Le 8 décembre de l'année dernière, alors que les défenses du régime s'effondraient presque du jour au lendemain, le président de l'époque, Bachar Assad, a fui la République arabe syrienne, mettant fin à plus de 50 ans de règne brutal de sa famille.

"Aujourd'hui, un an s'est écoulé depuis la chute du gouvernement Assad et la fin d'un système de répression vieux de plusieurs décennies", a déclaré M. Guterres, saluant la "résilience et le courage" des Syriens "qui n'ont jamais cessé de nourrir l'espoir en dépit d'épreuves inimaginables".

Il a ajouté que cet anniversaire était à la fois un moment de réflexion sur les sacrifices consentis en vue d'un "changement historique" et un rappel du chemin difficile qui reste à parcourir pour le pays.

"Ce qui nous attend est bien plus qu'une transition politique ; c'est la chance de reconstruire des communautés brisées et de guérir de profondes divisions", a-t-il déclaré, ajoutant que la transition offre l'occasion de "forger une nation où chaque Syrien - indépendamment de son appartenance ethnique, de sa religion, de son sexe ou de son affiliation politique - peut vivre en sécurité, sur un pied d'égalité et dans la dignité".

M. Guterres a souligné que les Nations Unies continueraient à soutenir les Syriens dans la mise en place de nouvelles institutions politiques et civiques.

"Les défis sont importants, mais pas insurmontables", a-t-il déclaré. "L'année écoulée a montré qu'un changement significatif est possible lorsque les Syriens sont responsabilisés et soutenus dans la conduite de leur propre transition.

Il a ajouté que les communautés à travers le pays construisent de nouvelles structures de gouvernance et que "les femmes syriennes continuent de mener la charge pour leurs droits, la justice et l'égalité".

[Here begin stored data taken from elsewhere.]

(* A face of the old restriction that meets N contains the whole block F :&: N;
   one that misses N is X itself. *)
Lemma shelling_witness_avoid_S E tau : shelling_witness k F L E -> tau \in E -> tau != X ->
  F \subset X :|: tau.
Proof.
case=> _ cardE meetE _ tauE tauX; have [tauF card_tau] := cardE _ tauE.
have /shell_meetP[_ [Z ZL tauZ]] : tau \in shell_meet F L by rewrite meetE mem_gen.
have [/exists_inP[z ztau zN]|/exists_inPn tauN] := boolP [exists z in tau, z \in N].
  have eqFZ : F :&: N = Z :&: N.
    rewrite (facet_indcomplexS_pblock F_facet (subsetP tauF z ztau) zN).
    by rewrite (facet_indcomplexS_pblock (L_facets ZL) (subsetP tauZ z ztau) zN).
  have : tau :|: (F :&: N) \in gen E.
    rewrite -meetE; apply/shell_meetP; split; first by rewrite subUset tauF subsetIl.
    by exists Z; rewrite // subUset tauZ eqFZ subsetIl.
  case/genP => sg sgE tau_sg; have [_ card_sg] := cardE _ sgE.
  have eq_card : #|sg| = #|tau| by apply/eqP; rewrite -(eqn_add2r k) card_sg card_tau.
  have /eqP eq_tau : tau == tau :|: (F :&: N).
    by rewrite eqEcard subsetUl -eq_card subset_leq_card.
  have FN_tau : F :&: N \subset tau by rewrite eq_tau subsetUr.
  rewrite -{1}(setID F N) subUset subsetUl andbT.
  exact: subset_trans FN_tau (subsetUr _ _).
have tau_X : tau \subset X.
  by apply/subsetP => z ztau; rewrite in_setD (subsetP tauF z ztau) tauN.
suff /eqP eq_tauX : tau == X by rewrite eq_tauX eqxx in tauX.
by rewrite eqEcard tau_X -(leq_add2r k) card_facet_setD_closedN card_tau /=.
Qed.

Bien que les besoins humanitaires restent "immenses", il a souligné les progrès réalisés dans la restauration des services, l'élargissement de l'accès à l'aide et la création de conditions propices au retour des réfugiés et des personnes déplacées.

Des efforts en matière de justice transitionnelle sont en cours, a-t-il ajouté, ainsi qu'un engagement civique plus large. M. Guterres a exhorté les gouvernements à soutenir fermement une "transition dirigée par les Syriens et prise en charge par les Syriens", précisant que le soutien doit inclure le respect de la souveraineté, la suppression des obstacles à la reconstruction et un financement solide pour le redressement humanitaire et économique.

"En ce jour anniversaire, nous sommes unis dans un même but : construire les fondations de la paix et de la prospérité et renouveler notre engagement en faveur d'une Syrie libre, souveraine, unie et ouverte à tous", a ajouté M. Guterres.